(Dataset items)
Lemma logloss'_lipschitz (x y : R) : x <= y -> logloss' y - logloss' x <= (y - x) / 4.
Proof.
have df (z : R) : is_derive z 1 (fun t => 4^-1 * t - logloss' t)
    (4^-1 - expR (- z) / (1 + expR (- z)) ^+ 2).
  have := is_deriveB (is_deriveZ 4^-1 (is_derive_id z 1)) (is_derive_logloss' z).
  by move/is_derive_eq; apply; rewrite /GRing.scale /= mulr1.
have df_ge0 (z : R) : 0 <= 4^-1 - expR (- z) / (1 + expR (- z)) ^+ 2.
  rewrite subr_ge0 ler_pdivrMr ?exprn_gt0 ?logloss_arg_gt0 // -subr_ge0.
  rewrite (_ : _ - _ = 4^-1 * (1 - expR (- z)) ^+ 2); last by field.
  by rewrite mulr_ge0 ?sqr_ge0.
move=> xy; have := ge0_is_derive_ndecr df df_ge0 xy; lra.
Qed.

Lemma logloss_tangent_le (r s : R) : logloss r + logloss' r * (s - r) <= logloss s.
Proof.
have df (z : R) : is_derive z 1 (fun t => logloss t - logloss' r * t) (logloss' z - logloss' r).
  have := is_deriveB (is_derive_logloss z) (is_deriveZ (logloss' r) (is_derive_id z 1)).
  by move/is_derive_eq; apply; rewrite /GRing.scale /= mulr1.
suff : logloss r - logloss' r * r <= logloss s - logloss' r * s by lra.
apply: (is_derive_sign_change_min df) => z zr;
  by rewrite ?subr_le0 ?subr_ge0 logloss'_ndecr.
Qed.

Lemma logloss_le_quadratic (r s : R) :
  logloss s <= logloss r + logloss' r * (s - r) + (s - r) ^+ 2 / 8.
Proof.
have df (z : R) : is_derive z 1
    (fun t => logloss' r * t + 8^-1 * (t - r) ^+ 2 - logloss t)
    (logloss' r + 4^-1 * (z - r) - logloss' z).
  have dsq := is_deriveX 2 (is_deriveB (is_derive_id z 1) (is_derive_cst r z 1)).
  have := is_deriveB (is_deriveD (is_deriveZ (logloss' r) (is_derive_id z 1))
    (is_deriveZ 8^-1 dsq)) (is_derive_logloss z).
  by move/is_derive_eq; apply; rewrite !fctE /GRing.scale /= /cst; field.
suff : logloss' r * r + 8^-1 * (r - r) ^+ 2 - logloss r <=
       logloss' r * s + 8^-1 * (s - r) ^+ 2 - logloss s.
  by rewrite subrr expr0n /=; lra.
by apply: (is_derive_sign_change_min df) => z zr; have := logloss'_lipschitz zr; lra.
Qed.

End LogisticLoss.

Section FrobeniusInner.
Variables (R : realType) (m d : nat).
Implicit Types A B C : 'M[R]_(m, d).

Lemma frob_innerE A B : frob_inner A B = \sum_(i < m) \sum_(j < d) A i j * B i j.
Proof.
rewrite /frob_inner /mxtrace exchange_big /=.
by apply: eq_bigr => j _; rewrite mxE; apply: eq_bigr => i _; rewrite !mxE.
Qed.

Lemma frob_innerC A B : frob_inner A B = frob_inner B A.
Proof. by rewrite /frob_inner -mxtrace_tr trmx_mul trmxK. Qed.

Lemma frob_innerDr A B C : frob_inner A (B + C) = frob_inner A B + frob_inner A C.
Proof. by rewrite /frob_inner mulmxDr mxtraceD. Qed.

Lemma frob_innerZr (c : R) A B : frob_inner A (c *: B) = c * frob_inner A B.
Proof. by rewrite /frob_inner -scalemxAr mxtraceZ. Qed.

Lemma frob_innerNr A B : frob_inner A (- B) = - frob_inner A B.
Proof. by rewrite -scaleN1r frob_innerZr mulN1r. Qed.

Lemma frob_innerBr A B C : frob_inner A (B - C) = frob_inner A B - frob_inner A C.
Proof. by rewrite frob_innerDr frob_innerNr. Qed.

Lemma frob_inner0l B : frob_inner 0 B = 0.
Proof. by rewrite /frob_inner trmx0 mul0mx mxtrace0. Qed.

Lemma frob_innerZl (c : R) A B : frob_inner (c *: A) B = c * frob_inner A B.
Proof. by rewrite !(frob_innerC _ B) frob_innerZr. Qed.

Lemma frob_innerBl A B C : frob_inner (A - B) C = frob_inner A C - frob_inner B C.
Proof. by rewrite !(frob_innerC _ C) frob_innerBr. Qed.

Lemma frob_inner_suml (I : finType) (F : I -> 'M[R]_(m, d)) B :
  frob_inner (\sum_i F i) B = \sum_i frob_inner (F i) B.
Proof. by rewrite /frob_inner linear_sum mulmx_suml raddf_sum. Qed.

Lemma frob_sqrE A : frob A ^+ 2 = \sum_(i < m) \sum_(j < d) A i j ^+ 2.
Proof. by rewrite sqr_sqrtr //; do 2![apply: sumr_ge0 => ? _]; exact: sqr_ge0. Qed.

Lemma frob_sqr A : frob A ^+ 2 = frob_inner A A.
Proof. by rewrite frob_sqrE frob_innerE; do 2![apply: eq_bigr => ? _]; rewrite expr2. Qed.

Lemma frob_inner_self_eq0 A : frob_inner A A = 0 -> A = 0.
Proof.
have row_ge0 i : 0 <= \sum_(j < d) A i j * A i j.
  by apply: sumr_ge0 => j _; rewrite -expr2 sqr_ge0.
rewrite frob_innerE => /psumr_eq0P-/(_ (fun i _ => row_ge0 i)) rows0.
apply/matrixP => i j; rewrite mxE; apply/eqP; rewrite -[_ == 0]orbb -mulf_eq0; apply/eqP.
by apply: psumr_eq0P (rows0 i isT) j isT => k _; rewrite -expr2 sqr_ge0.
Qed.

Lemma frob_sqrB_scale (c : R) A B :
  frob (A - c *: B) ^+ 2 = frob A ^+ 2 - 2 * c * frob_inner A B + c ^+ 2 * frob B ^+ 2.
Proof.
rewrite !frob_sqr frob_innerBl !frob_innerBr !frob_innerZl !frob_innerZr (frob_innerC B A).
ring.
Qed.

Lemma frob_inner_sqr_le A B : frob_inner A B ^+ 2 <= frob A ^+ 2 * frob B ^+ 2.
Proof.
rewrite !frob_sqr.
have [/frob_inner_self_eq0 -> | P_neq0] := eqVneq (frob_inner A A) 0.
  by rewrite !frob_inner0l expr0n mul0r.
have P_gt0 : 0 < frob_inner A A by rewrite lt0r P_neq0 -frob_sqr sqr_ge0.
have := sqr_ge0 (frob (frob_inner A B *: A - frob_inner A A *: B)).
rewrite frob_sqrB_scale !frob_sqr !frob_innerZl frob_innerZr.
set P := frob_inner A A; set c := frob_inner A B; set Q := frob_inner B B.
rewrite (_ : _ + _ = P * (P * Q - c ^+ 2)); last by ring.
by rewrite pmulr_rge0 // subr_ge0.
Qed.

End FrobeniusInner.

Section Network.
Variables (R : realType) (m d : nat) (rho : R) (a : 'I_m -> R).

Lemma frob_inner_net_grad_self (x : 'cV[R]_d) (W : 'M[R]_(m, d)) :
  frob_inner (net_grad rho a x W) W = net rho a x W.
Proof.
rewrite frob_innerE /net mulr_sumr; apply: eq_bigr => j _.
under eq_bigr do rewrite mxE.
transitivity (rho / Num.sqrt m%:R *
    (a j * ((if 0 <= preact W x j then 1 else 0) * preact W x j))).
  by rewrite /preact !mulr_sumr; apply: eq_bigr => l _; ring.
by case: ifPn => [/max_r ->|]; rewrite ?mul1r // -ltNge => /ltW/max_l ->; rewrite mul0r.
Qed.

Lemma frob_net_grad_le (x : 'cV[R]_d) (W : 'M[R]_(m, d)) :
  (forall j, a j ^+ 2 <= 1) -> frob (net_grad rho a x W) ^+ 2 <= rho ^+ 2 * frob x ^+ 2.
Proof.
move=> a_le1; set c := rho / Num.sqrt m%:R.
have mc_le : m%:R * c ^+ 2 <= rho ^+ 2.
  case: (posnP m) => [-> | m_gt0]; first by rewrite mul0r sqr_ge0.
  by rewrite exprMn exprVn sqr_sqrtr ?ler0n // mulrCA divff ?mulr1 ?pnatr_eq0 -?lt0n.
have entry_le j l : net_grad rho a x W j l ^+ 2 <= c ^+ 2 * x l ord0 ^+ 2.
  rewrite mxE [leLHS]exprMn ler_wpM2l ?sqr_ge0 // !exprMn mulrA ler_piMl ?sqr_ge0 //.
  by rewrite mulr_ile1 ?sqr_ge0 //; case: ifP; rewrite ?expr1n ?expr0n.
rewrite !frob_sqrE.
under [in leRHS]eq_bigr do rewrite big_ord1.
apply: (@le_trans _ _ (\sum_(j < m) \sum_(l < d) c ^+ 2 * x l ord0 ^+ 2)).
  by apply: ler_sum => j _; apply: ler_sum => l _; exact: entry_le.
rewrite sumr_const card_ord -mulr_sumr -mulr_natl mulrA ler_wpM2r //.
by apply: sumr_ge0 => l _; exact: sqr_ge0.
Qed.

End Network.

Section LinearizedRisk.
Variables (R : realType) (n m d : nat) (g : 'I_n -> 'M[R]_(m, d)) (ys : 'I_n -> R).

Definition linrisk (V : 'M[R]_(m, d)) : R :=
  n%:R^-1 * \sum_(k < n) logloss (ys k * frob_inner (g k) V).

Definition linrisk_grad (V : 'M[R]_(m, d)) : 'M[R]_(m, d) :=
  n%:R^-1 *: \sum_(k < n) (logloss' (ys k * frob_inner (g k) V) * ys k) *: g k.

Lemma frob_inner_linrisk_grad (V U : 'M[R]_(m, d)) :
  frob_inner (linrisk_grad V) U =
  n%:R^-1 * \sum_(k < n) logloss' (ys k * frob_inner (g k) V) * (ys k * frob_inner (g k) U).
Proof.
rewrite frob_innerZl frob_inner_suml; congr (_ * _); apply: eq_bigr => k _.
by rewrite frob_innerZl mulrA.
Qed.

Lemma linrisk_tangent_le (V Z : 'M[R]_(m, d)) :
  linrisk V + frob_inner (linrisk_grad V) (Z - V) <= linrisk Z.
Proof.
rewrite frob_inner_linrisk_grad /linrisk -mulrDr ler_wpM2l ?invr_ge0 ?ler0n //.
rewrite -big_split ler_sum // => k _ /=.
by rewrite frob_innerBr mulrBr logloss_tangent_le.
Qed.

Variable rho : R.
Hypotheses (n_gt0 : (0 < n)%N) (ys_sqr_le1 : forall k, ys k ^+ 2 <= 1)
  (frob_g_le : forall k, frob (g k) ^+ 2 <= rho ^+ 2).

(* The smoothness constant is rho^2/4: [logloss''] is at most 1/4 and [frob (g k) <= rho]. *)
Lemma linrisk_descent (V : 'M[R]_(m, d)) (eta : R) :
  linrisk (V - eta *: linrisk_grad V) <=
  linrisk V - eta * (1 - rho ^+ 2 / 4 * eta / 2) * frob (linrisk_grad V) ^+ 2.
Proof.
set D := linrisk_grad V; set Q := frob D ^+ 2.
have sample_le k : logloss (ys k * frob_inner (g k) (V - eta *: D)) <=
    logloss (ys k * frob_inner (g k) V)
    - eta * (logloss' (ys k * frob_inner (g k) V) * (ys k * frob_inner (g k) D))
    + (rho * eta) ^+ 2 / 8 * Q.
  have := logloss_le_quadratic (ys k * frob_inner (g k) V)
    (ys k * frob_inner (g k) (V - eta *: D)).
  rewrite frob_innerBr frob_innerZr.
  set u := frob_inner (g k) V; set v := frob_inner (g k) D.
  have yv_le : (ys k * v) ^+ 2 <= rho ^+ 2 * Q.
    rewrite exprMn; apply: le_trans (ler_piMl (sqr_ge0 _) (ys_sqr_le1 k)) _.
    apply: le_trans (frob_inner_sqr_le _ _) _.
    by rewrite ler_wpM2r ?sqr_ge0.
  have -> : ys k * (u - eta * v) - ys k * u = - eta * (ys k * v) by ring.
  have : (- eta * (ys k * v)) ^+ 2 <= eta ^+ 2 * (rho ^+ 2 * Q).
    by rewrite exprMn sqrrN ler_wpM2l ?sqr_ge0.
  rewrite exprMn; lra.
have Q_avg : Q = n%:R^-1 *
    \sum_(k < n) logloss' (ys k * frob_inner (g k) V) * (ys k * frob_inner (g k) D).
  by rewrite /Q frob_sqr frob_inner_linrisk_grad.
have n_inv_ge0 : 0 <= n%:R^-1 :> R by rewrite invr_ge0 ler0n.
rewrite /linrisk; apply: le_trans (ler_wpM2l n_inv_ge0 (ler_sum _ (fun k _ => sample_le k))) _.
rewrite big_split /= sumrB -mulr_sumr sumr_const card_ord -[_ * Q *+ n]mulr_natr.
rewrite Q_avg le_eqVlt; apply/orP; left; apply/eqP.
by field; rewrite pnatr_eq0 -lt0n.
Qed.

End LinearizedRisk.

Section GradientStep.
Variables (R : realType) (m d : nat).

Lemma gd_step_potential_le (F : 'M[R]_(m, d) -> R) (G V Z : 'M[R]_(m, d)) (L eta : R) :
  0 <= eta -> L * eta <= 1 ->
  F V + frob_inner G (Z - V) <= F Z ->
  F (V - eta *: G) <= F V - eta * (1 - L * eta / 2) * frob G ^+ 2 ->
  frob (V - eta *: G - Z) ^+ 2 + 2 * eta * F (V - eta *: G) <=
  frob (V - Z) ^+ 2 + 2 * eta * F Z.
Proof.
move=> eta_ge0 Leta_le1 tangent descent.
rewrite addrAC frob_sqrB_scale (frob_innerC (V - Z)) -(opprB Z V) frob_innerNr.
have eta2_ge0 : 0 <= 2 * eta by rewrite mulr_ge0.
have := ler_wpM2l eta2_ge0 tangent; have := ler_wpM2l eta2_ge0 descent.
have : 0 <= eta ^+ 2 * frob G ^+ 2 * (1 - L * eta).
  by apply: mulr_ge0; rewrite ?subr_ge0 // mulr_ge0 ?sqr_ge0.
lra.
Qed.

End GradientStep.

Section GradientDescent.
Variables (R : realType) (n m d : nat) (rho : R) (a : 'I_m -> R).
Variables (xs : 'I_n -> 'cV[R]_d) (ys : 'I_n -> R) (W0 : 'M[R]_(m, d)) (eta : R).

Local Notation W := (gd rho a xs ys eta W0).
Local Notation features V := (fun k => net_grad rho a (xs k) V).

Lemma emp_risk_gradE (V : 'M[R]_(m, d)) :
  emp_risk_grad rho a xs ys V = linrisk_grad (features V) ys V.
Proof.
by congr (_ *: _); apply: eq_bigr => k _; rewrite frob_inner_net_grad_self.
Qed.

Lemma lin_riskE (i : nat) (V : 'M[R]_(m, d)) :
  lin_risk rho a xs ys eta W0 i V = linrisk (features (W i)) ys V.
Proof. by []. Qed.

Hypotheses (n_gt0 : (0 < n)%N) (rho_gt0 : 0 < rho) (eta_ge0 : 0 <= eta)
  (eta_le : eta <= 4 / rho ^+ 2) (a_sqr_le1 : forall j, a j ^+ 2 <= 1)
  (xs_le1 : forall k, frob (xs k) <= 1) (ys_sqr_le1 : forall k, ys k ^+ 2 <= 1).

◆ **Task directions**: Write down exactly the span of lines above from the one containing "Lemma frob_inner0l B : frob_inner 0 B = 0." to the one containing "Proof. by rewrite !(frob_innerC _ C)", both ends included.

◆ **Reply**:
Lemma frob_inner0l B : frob_inner 0 B = 0.
Proof. by rewrite /frob_inner trmx0 mul0mx mxtrace0. Qed.

Lemma frob_innerZl (c : R) A B : frob_inner (c *: A) B = c * frob_inner A B.
Proof. by rewrite !(frob_innerC _ B) frob_innerZr. Qed.

Lemma frob_innerBl A B C : frob_inner (A - B) C = frob_inner A C - frob_inner B C.
Proof. by rewrite !(frob_innerC _ C) frob_innerBr. Qed.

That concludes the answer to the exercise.